### INFORMATION GIVEN
(* Let $f:[a,b]\to\mathbb{C}$ be continuous and write $f=g+ih$ with $g,h:[a,b]\to\mathbb{R}$ its real and imaginary parts. If $h$ is Lipschitz, then $$\dim_P(G(f))=\dim_P(G(g)),\quad \overline{\dim}_B(G(f))=\overline{\dim}_B(G(g)),\quad \underline{\dim}_B(G(f))=\underline{\dim}_B(G(g)).$$
   Context: For a function $u$ on $[a,b]$, $G(u)=\{(x,u(x)):x\in[a,b]\}$ denotes its graph; for complex-valued $u$ the graph is regarded as a subset of $\mathbb{R}\times\mathbb{C}\cong\mathbb{R}^3$ with the Euclidean metric, for real-valued $u$ as a subset of $\mathbb{R}^2$. $\dim_P$ is packing dimension, $\overline{\dim}_B$ and $\underline{\dim}_B$ are upper and lower box dimension. *)

From HB Require Import structures.
From mathcomp Require Import all_boot all_order all_algebra.
From mathcomp Require Import all_classical all_reals all_analysis.
Set Implicit Arguments. Unset Strict Implicit. Unset Printing Implicit Defensive.
Import Order.TTheory GRing.Theory Num.Theory.
Import numFieldNormedType.Exports.
Local Open Scope classical_set_scope.
Local Open Scope ring_scope.

Section Dimensions.
Context {R : realType} {T : Type} (d : T -> T -> R).

Definition diam (A : set T) : \bar R :=
  ereal_sup [set (d x y)%:E | x in A & y in A].

(* N_delta(F): smallest number of sets of diameter at most delta covering F
   (+oo if there is no finite cover) *)
Definition covnum (F : set T) (delta : R) : \bar R :=
  ereal_inf [set (n%:R)%:E | n in [set n : nat | exists U : nat -> set T,
     (forall i, (i < n)%N -> (diam (U i) <= delta%:E)%E) /\
     F `<=` \bigcup_(i in [set i : nat | (i < n)%N]) U i]].

Definition box_ratio (F : set T) (delta : R) : \bar R :=
  match covnum F delta with
  | (x%:E)%E => (ln x / (- ln delta))%:E
  | _ => +oo%E
  end.

(* upper box dimension: limsup_{delta -> 0+} log N_delta(F) / (-log delta) *)
Definition upper_box_dim (F : set T) : \bar R :=
  ereal_inf [set ereal_sup [set box_ratio F delta | delta in `]0, e[]
            | e in `]0, 1]].
Theorem theorem4p8 (e : nat) (as_ : seq nat) :
  min_gens_numsg (e :: as_) ->
  2 <= e ->
  additive e (e :: as_) ->
  exists M : nat,
    is_max_of (inS (e :: as_)) (dmax_n (e :: as_)) M /\
    is_max_of (inmaxAp (blowupD e as_) e) (dcount (blowupD e as_)) M.
Proof.
case=> [S_sorted _ [N SN]] e_gt1 S_add.
have as_gt_e : all (fun a => e < a) as_ := order_path_min ltn_trans S_sorted.
have e_gt0 : 0 < e by apply: ltnW.
have BN n : N <= n -> inS (blowupD e as_) n by move/SN; apply: inS_inB.
have [w Ap_w] := exists_nonzero_inAp e_gt0 as_gt_e e_gt1 S_add SN.
have below := inAp_below_maxAp BN (ex_intro _ w Ap_w).
have maxAp_ne : exists f, inmaxAp (blowupD e as_) e f.
  by have [f max_f _] := below w Ap_w.1; exists f.
have maxAp_lt f : inmaxAp (blowupD e as_) e f -> f < N + e by case=> /(inAp_lt BN).
have [fs max_fs fs_max] := bounded_ex_argmax (dcount (blowupD e as_)) maxAp_ne maxAp_lt.
exists (dcount (blowupD e as_) fs); split; last by split; first exists fs.
have [Ap_fs _ _] := max_fs; split.
  exists (fs + fs * e); split; first exact: inS_ap_lift.
  apply/eqP; rewrite eqn_leq dcount_le_dmax_ap_lift // andbT.
  by have := dmax_le_dcount_residue e_gt0 as_gt_e (fs + fs * e); rewrite ordS_ap_lift ?addnK.
move=> n Sn; apply: leq_trans (dmax_le_dcount_residue e_gt0 as_gt_e n) _.
have [f max_f [res_le_f res_f]] := below _ (ordS_residue_inAp e_gt0 as_gt_e S_add Sn).
apply: leq_trans (fs_max f max_f); rewrite -(subnKC res_le_f).
exact: dcount_addr (pos_weights_B e_gt0 as_gt_e) _ _ res_f.
Qed.
(* Let $\kappa=2$. For any $K\ge0$, any distribution generating $(x_t,\mathscr C_t)_{t=1}^V$, and any class $L\subseteq[2]^{\mathcal X}$ of benchmark predictors, there exists a strategy for choosing the labels $y_1,\dots,y_V$ such that every prediction algorithm satisfies $$\mathbb E[\mathbf{Reg}]\ge\frac12\,\mathbb E_{(\mathscr C,x)_{1:V}}\mathrm{Rad}_V(L_K(\mathcal I_{1:V})).$$
   Context: Notation: $[n]=\{1,\dots,n\}$. Setting: $V\ge1$, a set $\mathcal X$, a class $L$ of functions $\mathcal X\to[\kappa]$. A constraint $c=(S_c,R_c)$, $S_c\subseteq[V]$, $R_c:[\kappa]^{S_c}\to\mathbb R_{\ge0}$; $c(g)=R_c(g|_{S_c})$ for $g\in[\kappa]^V$. On rounds $t=1,\dots,V$ the forecaster observes $x_t\in\mathcal X$ and a finite constraint set $\mathscr C_t$ ($\mathcal I_t=(\mathscr C_t,x_t)$, drawn from a known distribution), predicts $\widehat y_t\in[\kappa]$ (possibly randomized), then observes $y_t\in[\kappa]$. $L_K(\mathcal I_{1:V})=\{f\in L:\sum_{c\in\cup_t\mathscr C_t}c((f(x_1),\dots,f(x_V)))\le K\}$; $\mathbf{Reg}=\sum_t\mathbf 1\{\widehat y_t\ne y_t\}-\inf_{f\in L_K(\mathcal I_{1:V})}\sum_t\mathbf 1\{f(x_t)\ne y_t\}$, expectation over all randomness. $\mathrm{Rad}_V(L_K(\mathcal I_{1:V}))=\mathbb E_{\boldsymbol\epsilon}\sup_{f\in L_K(\mathcal I_{1:V})}\sum_{j=1}^V\sum_{k=1}^\kappa\boldsymbol\epsilon_{j,k}\mathbf 1\{f(x_j)=k\}$ with $\boldsymbol\epsilon_{j,k}$ i.i.d. uniform on $\{-1,1\}$. *)

From HB Require Import structures.
From mathcomp Require Import all_boot all_order all_algebra.
From mathcomp Require Import all_classical all_reals all_analysis.
From mathcomp Require Import measurable_realfun.
Set Implicit Arguments. Unset Strict Implicit. Unset Printing Implicit Defensive.
Import Order.TTheory GRing.Theory Num.Theory.
Local Open Scope classical_set_scope.
Local Open Scope ring_scope.

(* kappa = 2 : the label set [2] = {1,2} is represented by 'I_2 = {0,1}. *)

Section Defs.
Variables (R : realType) (V : nat).

Definition scope_t (S : {set 'I_V}) := {i : 'I_V | i \in S}.

Definition constraint := {S : {set 'I_V} & {ffun {ffun scope_t S -> 'I_2} -> R}}.

Definition cscope (c : constraint) : {set 'I_V} := tag c.

Definition ceval (c : constraint) (g : {ffun 'I_V -> 'I_2}) : R :=
  tagged c [ffun i : scope_t (tag c) => g (val i)].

### WORK REQUIRED
Lines with the word "move" in them: report all of these from the listing above.

### EXERCISE OUTPUT
have BN n : N <= n -> inS (blowupD e as_) n by move/SN; apply: inS_inB.
move=> n Sn; apply: leq_trans (dmax_le_dcount_residue e_gt0 as_gt_e n) _.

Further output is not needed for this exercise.